# Overview

Data does not always come in its final processed form that is required for training machine learning algorithms. We use `transformers` to perform some manipulation of the data and make it suitable for training.

For example, the FashionMNIST features are in `PIL Image format`, and the labels are integers. For training, we need the features as normalized tensors, and the labels as one-hot encoded tensors. To make these transformations, we use `ToTensor` and `Lambda`.

In [1]:
import torch
from torchvision import datasets
from torchvision.transforms import ToTensor, Lambda

ds=datasets.FashionMNIST(
    root='data',
    train=True,
    download=True,
    transform=ToTensor(),
    target_transform=Lambda(
        lambda y: torch.zeros(10, dtype=torch.float).scatter_(0,torch.tensor(y), value=1))
)

Downloading http://fashion-mnist.s3-website.eu-central-1.amazonaws.com/train-images-idx3-ubyte.gz
Downloading http://fashion-mnist.s3-website.eu-central-1.amazonaws.com/train-images-idx3-ubyte.gz to data/FashionMNIST/raw/train-images-idx3-ubyte.gz


100%|██████████| 26421880/26421880 [00:03<00:00, 7833102.11it/s] 

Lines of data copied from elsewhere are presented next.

Lemma span_nestE_U0 D s : hom false D -> U 0 D -> s != [::] ->
  span_nestE (size s) (br D (nest br E s)).
Proof.
case: s => [//|m0 s] evenD UD s_nil.
have DE k : br D (E k) = \sum_j form (br D (E k)) (F j) *: E j.
  by apply: Um1_dual_expansion; apply: Ugr_cast (gr_br UD (Ugr_E k)).
rewrite (br_nestE_derivation m0 evenD DE s_nil) big_mkord.
apply: span_nestE_sum => i _; apply: span_nestE_sum => k _; apply: spanZ.
by apply: span_nest; rewrite size_set_nth; apply/maxn_idPr; rewrite ltn_ord.
Qed.

Lemma span_nestE_brF t s : (2 <= size s)%N -> span_nestE (size s).-1 (br (F t) (nest br E s)).
Proof.
elim: s => [|x [|y s] IH] // _.
rewrite nest_cons // (br_jacobi _ (homog_F t) (homog_E x)) expr1 scaleN1r.
have UFE z : U 0 (br (F t) (E z)) by apply: Ugr_cast (gr_br (HF t) (Ugr_E z)).
apply: spanD; first exact: (span_nestE_U0 (s := y :: s) (br_homog (homog_F t) (homog_E x))).
rewrite -scaleN1r; apply: spanZ; case: s IH => [|z s] IH.
  by apply: span_nestE_Um1; apply: Ugr_cast (gr_br (Ugr_E x) (UFE y)).
exact: span_nestE_brE (IH isT).
Qed.

Lemma eq_on_span_nestE k (phi psi : V -> R)
    (phi_lin : forall c x y, phi (c *: x + y) = c * phi x + phi y)
    (psi_lin : forall c x y, psi (c *: x + y) = c * psi x + psi y) :
  (forall s, size s = k -> phi (nest br E s) = psi (nest br E s)) ->
  forall v, span_nestE k v -> phi v = psi v.
Proof.
move=> eq_nest v; elim=> [s /eq_nest // | | x y _ Hx _ Hy | c x _ Hx].
- exact: (etrans (lin_map0 (g := phi : V -> R^o) phi_lin)
                 (esym (lin_map0 (g := psi : V -> R^o) psi_lin))).
- rewrite (lin_mapD (g := phi : V -> R^o) phi_lin).
  by rewrite (lin_mapD (g := psi : V -> R^o) psi_lin) Hx Hy.
- rewrite (lin_mapZ (g := phi : V -> R^o) phi_lin).
  by rewrite (lin_mapZ (g := psi : V -> R^o) psi_lin) Hx.
Qed.

Variable a : nat -> R.
Hypothesis Ha1 : a 1%N = 1.

Lemma Ugr_brE_nest m s q : size s = size q ->
  U (-1) (br (E m) (br (nest br E s) (nest br F q))).
Proof.
move=> size_sq.
by apply: Ugr_cast (gr_br (Ugr_E m) (gr_br (Ugr_nestE s) (Ugr_nestF q))); rewrite size_sq; lia.
Qed.

Lemma Ugr_Xop m s q : size s = size q -> U (-1) (Xop br E F a m s q).
Proof. by move/(Ugr_brE_nest m); apply: gr_scale. Qed.

Lemma Xop_pairing m t s q : size s = size q ->
  form (Xop br E F a m s q) (F t) =
  - ((a (size s))^-1 * form (br (br (F t) (E m)) (nest br E s)) (nest br F q)).
Proof.
move=> size_sq; have UX := Ugr_brE_nest m size_sq.
rewrite /Xop formZl (Hsym (Ugr_homog UX) (homog_F t)) /= expr1 mulN1r.
by rewrite -!Hinv mulrN.
Qed.

Lemma Xop1_pairing m t x y :
  form (Xop br E F a m [:: x] [:: y]) (F t) = - form (br (br (F t) (E m)) (E x)) (F y).
Proof. by rewrite Xop_pairing //= Ha1 invr1 mul1r. Qed.

Section TupleProjector.
Variables (p : nat) (Pp : p.-tuple M -> p.-tuple M -> R).
Hypotheses (p_gt0 : (0 < p)%N) (ap_neq0 : a p != 0)
  (pairing_p : forall S T : p.-tuple M, form (nest br E S) (nest br F T) = a p * Pp S T).

Lemma Xop_pairing_slots m t (N Q : p.-tuple M) :
  form (Xop br E F a m N Q) (F t) =
  - \sum_(i < p) \sum_k form (br (br (F t) (E m)) (E (tnth N i))) (F k) * Pp (set_tnth N i k) Q.
Proof.
set D := br (F t) (E m).
have evenD : hom false D := br_homog (homog_F t) (homog_E m).
have DE k : br D (E k) = \sum_j form (br D (E k)) (F j) *: E j.
  by apply: Um1_dual_expansion; apply: Ugr_cast (gr_br (gr_br (HF t) (Ugr_E m)) (Ugr_E k)).
rewrite Xop_pairing ?size_tuple //.
rewrite (br_nestE_derivation m evenD DE (tuple_neq_nil N p_gt0)) size_tuple big_mkord.
rewrite form_suml mulr_sumr; congr (- _); apply: eq_bigr => i _.
rewrite form_suml mulr_sumr; apply: eq_bigr => k _.
by rewrite formZl -(set_tnthE m N i k) pairing_p (tnth_nth m) mulrCA mulKf // mulrC.
Qed.

Lemma Xop_tuple_expansion m (N Q : p.-tuple M) :
  Xop br E F a m N Q =
  \sum_(K : p.-tuple M) \sum_(i < p)
     (Pp K Q * \prod_(j < p | j != i) (tnth N j == tnth K j)%:R) *:
       Xop br E F a m [:: tnth N i] [:: tnth K i].
Proof.
apply: Um1_eq_by_pairing => [| | t]; first by apply: Ugr_Xop; rewrite !size_tuple.
  by apply: Ugr_sum => K _; apply: Ugr_sum => i _; apply: gr_scale; apply: Ugr_Xop.
rewrite Xop_pairing_slots form_suml; symmetry.
under eq_bigr do rewrite form_suml.
rewrite exchange_big /= -sumrN; apply: eq_bigr => i _.
under eq_bigr do rewrite formZl Xop1_pairing mulrN.
rewrite sumrN (sum_tuple_delta_off N i (Pp^~ Q)
  (fun k => form (br (br (F t) (E m)) (E (tnth N i))) (F k))).
by congr (- _); apply: eq_bigr => k _; rewrite mulrC.
Qed.

End TupleProjector.

Lemma Yop_two m q r :
  Yop br E F a [:: m] [:: q; r] =
  - Xop br E F a q [:: r] [:: m] - Xop br E F a r [:: q] [:: m].
Proof.
rewrite /Yop /Xop /= Ha1 invr1 !scale1r.
rewrite (br_jacobi _ (homog_F m) (homog_E q)) expr1 scaleN1r.
rewrite (br_antisym (homog_F m) (homog_E q)) expr1 scaleN1r opprK.
rewrite (br_antisym (homog_F m) (homog_E r)) expr1 scaleN1r opprK.
rewrite (br_antisym (br_homog (homog_E q) (homog_F m)) (homog_E r)) expr0 scale1r.
by rewrite addrC.
Qed.

Lemma Yop_cons_jacobi N m1 Ms : size N = size Ms -> Ms != [::] ->
  Yop br E F a N (m1 :: Ms) =
  (a (size N))^-1 *: br (br (nest br F N) (E m1)) (nest br E Ms) - Xop br E F a m1 Ms N.
Proof.
move=> size_NMs Ms_nil.
rewrite /Yop /Xop -size_NMs nest_cons // (br_jacobi _ (homog_nestF N) (homog_E m1)).
rewrite (br_antisym (homog_nestF N) (homog_nestE Ms)) size_NMs andbT andbb.
by rewrite brNr brZr scalerN scalerA -signr_addb addbb expr0 scale1r scalerDr scalerN.
Qed.

Definition nestE_dual_expansion k := forall s : k.-tuple M,
  nest br E s = \sum_(K : k.-tuple M) ((a k)^-1 * form (nest br E s) (nest br F K)) *: nest br E K.

Lemma nestE_dual_expansion1 : nestE_dual_expansion 1.
Proof.
case=> [[|y [|? ?]] //= _]; rewrite big_cons_tuple.
under eq_bigr do rewrite big_tuple0.
by rewrite Ha1 invr1 {1}(Um1_dual_expansion (Ugr_E y)); apply: eq_bigr => x _; rewrite mul1r.
Qed.

Lemma nestE_dual_expansion_proj k (Pk : k.-tuple M -> k.-tuple M -> R) : a k != 0 ->
  (forall S : k.-tuple M, nest br E S = \sum_(T : k.-tuple M) Pk S T *: nest br E T) ->
  (forall S T : k.-tuple M, form (nest br E S) (nest br F T) = a k * Pk S T) ->
  nestE_dual_expansion k.
Proof.
move=> ak_neq0 PkE pairing_k S; rewrite {1}PkE; apply: eq_bigr => T _.
by rewrite pairing_k mulKf.
Qed.

Section DualExpansion.
Variables (k : nat) (Pk1 : k.+1.-tuple M -> k.+1.-tuple M -> R).
Hypotheses (k_gt0 : (0 < k)%N) (dual_k : nestE_dual_expansion k) (ak1_neq0 : a k.+1 != 0)
  (pairing_k1 : forall S T : k.+1.-tuple M,
     form (nest br E S) (nest br F T) = a k.+1 * Pk1 S T).

Lemma projector_cons_dual m (S : k.-tuple M) (T : k.+1.-tuple M) :
  Pk1 (cons_tuple m S) T =
  \sum_(K : k.-tuple M) (a k)^-1 * form (nest br E S) (nest br F K) * Pk1 (cons_tuple m K) T.
Proof.
apply: (mulfI ak1_neq0); rewrite -pairing_k1 mulr_sumr.
rewrite [val _]/= nest_cons ?tuple_neq_nil // {1}dual_k br_sumr form_suml.
apply: eq_bigr => K _; rewrite brZr formZl -nest_cons ?tuple_neq_nil //.
by rewrite -[_ :: _]/(val (cons_tuple m K)) pairing_k1 mulrCA.
Qed.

Extracting data/FashionMNIST/raw/train-images-idx3-ubyte.gz to data/FashionMNIST/raw

Downloading http://fashion-mnist.s3-website.eu-central-1.amazonaws.com/train-labels-idx1-ubyte.gz
Downloading http://fashion-mnist.s3-website.eu-central-1.amazonaws.com/train-labels-idx1-ubyte.gz to data/FashionMNIST/raw/train-labels-idx1-ubyte.gz


100%|██████████| 29515/29515 [00:00<00:00, 138744.77it/s]


Extracting data/FashionMNIST/raw/train-labels-idx1-ubyte.gz to data/FashionMNIST/raw

Downloading http://fashion-mnist.s3-website.eu-central-1.amazonaws.com/t10k-images-idx3-ubyte.gz
Downloading http://fashion-mnist.s3-website.eu-central-1.amazonaws.com/t10k-images-idx3-ubyte.gz to data/FashionMNIST/raw/t10k-images-idx3-ubyte.gz


100%|██████████| 4422102/4422102 [00:01<00:00, 2534033.48it/s]

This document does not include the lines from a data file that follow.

Lemma sum_degree E K : \sum_(w in K) degree E w = \sum_(f in E) #|f :&: K|.
Proof.
rewrite (eq_bigr (fun w => \sum_(f in E) (w \in f))); last first.
  by move=> w _; rewrite /degree card_set_sum.
rewrite exchange_big /=; apply: eq_bigr => f _.
by rewrite setIC -card_set_sum; congr #|_|; apply/setP => x; rewrite !inE.
Qed.

Lemma card_setI_pair x y K : x != y -> (x \in K) = (y \in K) ->
  #|[set x; y] :&: K| = 2 * ([set x; y] \subset K).
Proof.
move=> xy xyK; rewrite subUset !sub1set -xyK andbb.
case: (boolP (x \in K)) => xK.
  by rewrite (setIidPl _) ?cards2 ?xy //; apply/subsetP => z /set2P [] ->; rewrite -?xyK.
suff -> : [set x; y] :&: K = set0 by rewrite cards0.
apply/setP => z; rewrite !inE; apply/negbTE/andP => [[/orP [] /eqP -> ]].
  exact/negP.
by rewrite -xyK; exact/negP.
Qed.

Lemma edge_cycle_connectD1 C u v : pair_edges C -> edge_cycle C ->
  [set u; v] \in C -> connect (adjE (C :\ [set u; v])) u v.
Proof.
(* Parity: the component [K] of [u] in [C - e] meets [e] in one end and every
   other edge of [C] in 0 or 2 ends, yet the degrees over [K] add up to [2 #|K|]. *)
move=> pC /and3P [_ /forall_inP deg2 _] uvC; set e := [set u; v] in uvC *.
have uv : u != v := pair_neq (pC _ uvC).
apply/idPn => nuv; set K := [set w | connect (adjE (C :\ e)) u w].
have uK : u \in K by rewrite inE.
have vK : v \notin K by rewrite inE.
have sumK : \sum_(w in K) degree C w = #|K| * 2.
  rewrite -sum_nat_const; apply: eq_bigr => w; rewrite inE.
  case/connect_adjE_cover => [-> | /bigcupP [f]].
    by apply/eqP/deg2/bigcupP; exists e; rewrite ?set21.
  by rewrite in_setD1 => /andP [_ fC] wf; apply/eqP/deg2/bigcupP; exists f.
have eK : #|e :&: K| = 1.
  suff -> : e :&: K = [set u] by rewrite cards1.
  apply/setP => z; rewrite in_setI in_set2 in_set1.
  case: (eqVneq z u) => [-> | _] /=; first by rewrite uK.
  by case: (eqVneq z v) => [-> |] //=; rewrite (negbTE vK).
have fK f : f \in C -> f != e -> #|f :&: K| = 2 * (f \subset K).
  move=> fC fe; have /eqP /cards2P [x [y [xy fxy]]] := pC f fC.
  rewrite fxy card_setI_pair // !inE.
  apply: (connect_closed (connect_adjE_sym _)).
  by rewrite /adjE -fxy in_setD1 fe fC.
move: (sum_degree C K); rewrite sumK (bigD1 e) //= eK.
rewrite (eq_bigr (fun f => 2 * (f \subset K))) -?big_distrr /=; first lia.
by move=> f /andP [fC fe]; rewrite fK.
Qed.

Fixpoint path_edges x (s : seq T) : {set {set T}} :=
  if s is y :: s' then [set x; y] |: path_edges y s' else set0.

Lemma path_edges_sub E x s : path (adjE E) x s -> path_edges x s \subset E.
Proof.
elim: s x => [|y s IHs] x /=; first by rewrite sub0set.
by case/andP => xy ps; rewrite subUset sub1set IHs // andbT.
Qed.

Extracting data/FashionMNIST/raw/t10k-images-idx3-ubyte.gz to data/FashionMNIST/raw

Downloading http://fashion-mnist.s3-website.eu-central-1.amazonaws.com/t10k-labels-idx1-ubyte.gz
Downloading http://fashion-mnist.s3-website.eu-central-1.amazonaws.com/t10k-labels-idx1-ubyte.gz to data/FashionMNIST/raw/t10k-labels-idx1-ubyte.gz


100%|██████████| 5148/5148 [00:00<00:00, 13939494.51it/s]

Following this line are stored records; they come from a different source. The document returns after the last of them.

Lemma pre_counit_UH (c : C) :
  fmap (Fcomp U H) (ntc (adj_counit pre_adjoint) c)
  = cmp (fmap U (eps (H c))) (fmap U (k (F (U (H c))))).
Proof. rewrite <- fmap_cmp, <- pre_counit. reflexivity. Qed.

Lemma pre_comparison_act (c : C) :
  aact (comparison pre_adjoint c)
  = cmp (fmap U (eps (H c))) (fmap U (k (F (U (H c))))).
Proof. exact (pre_counit_UH c). Qed.

Lemma pre_fmap_monad (d1 d2 : D) (m : hom D d1 d2) :
  fmap (Fcomp U H) (fmap (ladj pre_adjoint) m)
  = cmp (fmap U (k' (F d2))) (cmp (fmap U (fmap F m)) (fmap U (k (F d1)))).
Proof. rewrite <- !fmap_cmp, <- pre_fmap_adjoint. reflexivity. Qed.

Lemma pre_comparison_hom (a b : C)
  (m : AlgHom (comparison pre_adjoint a) (comparison pre_adjoint b)) :
  cmp (proj1_sig m) (fmap U (eps (H a)))
  = cmp (fmap U (eps (H b))) (fmap U (fmap F (proj1_sig m))).
Proof.
  destruct m as [m m_alg]; cbn [proj1_sig].
  rewrite pre_fmap_monad, !pre_comparison_act in m_alg.
  apply (split_epi_cancel (fmap_inverse U (ed_counit_inv_r Hd (F (U (H a)))))).
  cbn in m, m_alg |- *. rewrite <- cmp_assoc, m_alg. assoc_l.
  rewrite (cmp_assoc_eq _ (fmap_inverse U (ed_counit_inv_r Hd _))), cmp_idr. reflexivity.
Qed.

Lemma pre_comparison_ff :
  fully_faithful (comparison A) -> fully_faithful (comparison pre_adjoint).
Proof.
  intros Kff a b m.
  pose (m' := exist _ (proj1_sig m) (pre_comparison_hom m)
              : hom (EMcat A) (comparison A (H a)) (comparison A (H b))).
  destruct (Kff _ _ m') as [g [g_spec g_uniq]].
  exists (ed_lift Hd g). split.
  - apply sig_eq_pi; cbn. rewrite ed_lift_spec. exact (f_equal (@proj1_sig _ _) g_spec).
  - intros f f_spec. apply (ed_faithful Hd). rewrite ed_lift_spec. apply g_uniq.
    apply sig_eq_pi; cbn. exact (f_equal (@proj1_sig _ _) f_spec).
Qed.

Lemma pre_alg_act_transfer (x : Alg pre_adjoint) :
  cmp (cmp (aact x) (fmap U (k' (F (acar x))))) (fmap U (fmap F (aact x)))
  = cmp (aact x) (fmap U (eps (H (psi (F (acar x)))))).
Proof.
  pose proof (alg_assoc x) as x_assoc.
  rewrite pre_fmap_monad, pre_counit_UH in x_assoc.
  apply (split_epi_cancel (fmap_inverse U (ed_counit_inv_r Hd (F (U (H (psi (F (acar x))))))))).
  cbn in x_assoc |- *. assoc_r. exact x_assoc.
Qed.

Definition pre_alg_transfer (x : Alg pre_adjoint) : Alg A.
Proof.
  refine (@Build_Alg _ _ U A (acar x) (cmp (aact x) (fmap U (k' (F (acar x))))) _ _).
  - rewrite <- cmp_assoc. exact (alg_unit x).
  - rewrite !fmap_cmp. assoc_l. rewrite pre_alg_act_transfer. assoc_r.
    f_equal. symmetry. exact (counit_natural_U A (k' (F (acar x)))).
Defined.

Lemma pre_alg_hom_of_transfer_spec (c : C') (x : Alg pre_adjoint)
  (j : AlgHom (comparison A c) (pre_alg_transfer x)) :
  cmp (cmp (proj1_sig j) (fmap U (k c))) (aact (comparison pre_adjoint (psi c)))
  = cmp (aact x) (fmap (Fcomp U H) (fmap (ladj pre_adjoint) (cmp (proj1_sig j) (fmap U (k c))))).
Proof.
  destruct j as [j j_alg]; cbn [proj1_sig] in j_alg |- *.
  rewrite pre_fmap_monad, pre_comparison_act. cbn in j, j_alg |- *.
  assoc_r. rewrite (cmp_assoc (fmap U (k (F (U (H (psi c))))))), (counit_natural_U A (k c)).
  rewrite !fmap_cmp. assoc_l. rewrite j_alg. reflexivity.
Qed.

Definition pre_alg_hom_of_transfer (c : C') (x : Alg pre_adjoint)
  (j : AlgHom (comparison A c) (pre_alg_transfer x)) :
  AlgHom (comparison pre_adjoint (psi c)) x :=
  exist _ (cmp (proj1_sig j) (fmap U (k c))) (pre_alg_hom_of_transfer_spec j).

Lemma pre_comparison_es : ess_surj (comparison A) -> ess_surj (comparison pre_adjoint).
Proof.
  intros Kes x. destruct (Kes (pre_alg_transfer x)) as [c [j [ji [ji_j j_ji]]]].
  apply (f_equal (@proj1_sig _ _)) in ji_j, j_ji.
  exists (psi c), (pre_alg_hom_of_transfer j).
  apply em_iso_of_inverse with (cmp (fmap U (k' c)) (proj1_sig ji)); cbn in *.
  - exact (cmp_inverse (fmap_inverse U (ed_counit_inv_l Hd c)) ji_j).
  - exact (cmp_inverse j_ji (fmap_inverse U (ed_counit_inv_r Hd c))).
Qed.
End PreComposition.

Lemma monadic_comp_equivalence_r (C C' D : Category) (H : Functor C C') (U : Functor C' D) :
  EquivalenceData H -> monadic U -> monadic (Fcomp U H).
Proof.
  intros Hd HU. apply monadic_iff_ff_es.
  destruct (proj1 (monadic_iff_ff_es U) HU) as [A [Kff Kes]]. exists (pre_adjoint Hd A).
  split; [apply pre_comparison_ff | apply pre_comparison_es]; assumption.
Qed.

Extracting data/FashionMNIST/raw/t10k-labels-idx1-ubyte.gz to data/FashionMNIST/raw






## ToTensor()

ToTensor converts a PIL image or NumPy `ndarray` into a `FloatTensor` and scales the image's pixel intensity values in the range [0,1].


## Lambda Transforms

Lambda transforms apply any user-defined lambda function. Here, we define a function to turn the integer into a one-hot encoded tensor. It first creates a zero tensor of size 10(the number of labels in our dataset) and calls `scatter_` which assigns a `value=1` on the index as given by the label `y`.

In [2]:
target_transform=Lambda(lambda y: torch.zeros(
    10, dtype=torch.float).scatter_(dim=0, index=torch.tensor(y), value=1))

# Transforming and Agumenting Images

Torchvision supports common computer vision transformations in the `torchvision.transforms` and `torchvision.transforms.v2` modules. Transforms can be used to trainsform or augment data for training or inference of different tasks, like:

* image classification
* detection
* segmentation
* video classification

Most transformation accept both PIL images and tensot inputs. Both CPU and CUDA tensors are supported. However, we use tensor backend **for performance**.

**Tensor image**

Tensor image are expected to be of shape (C,H,W), where C is the number of channels, and H and W refer to height and width. Most transforms support batched tensor input. A batch of Tensor images is a tensor of shape(N,C,H,W), where N is a number of images in the batch. The v2 transforms generally accept an arbitrary number of leading dimensions(...,C,H,W) and can handle batched images or batched videos.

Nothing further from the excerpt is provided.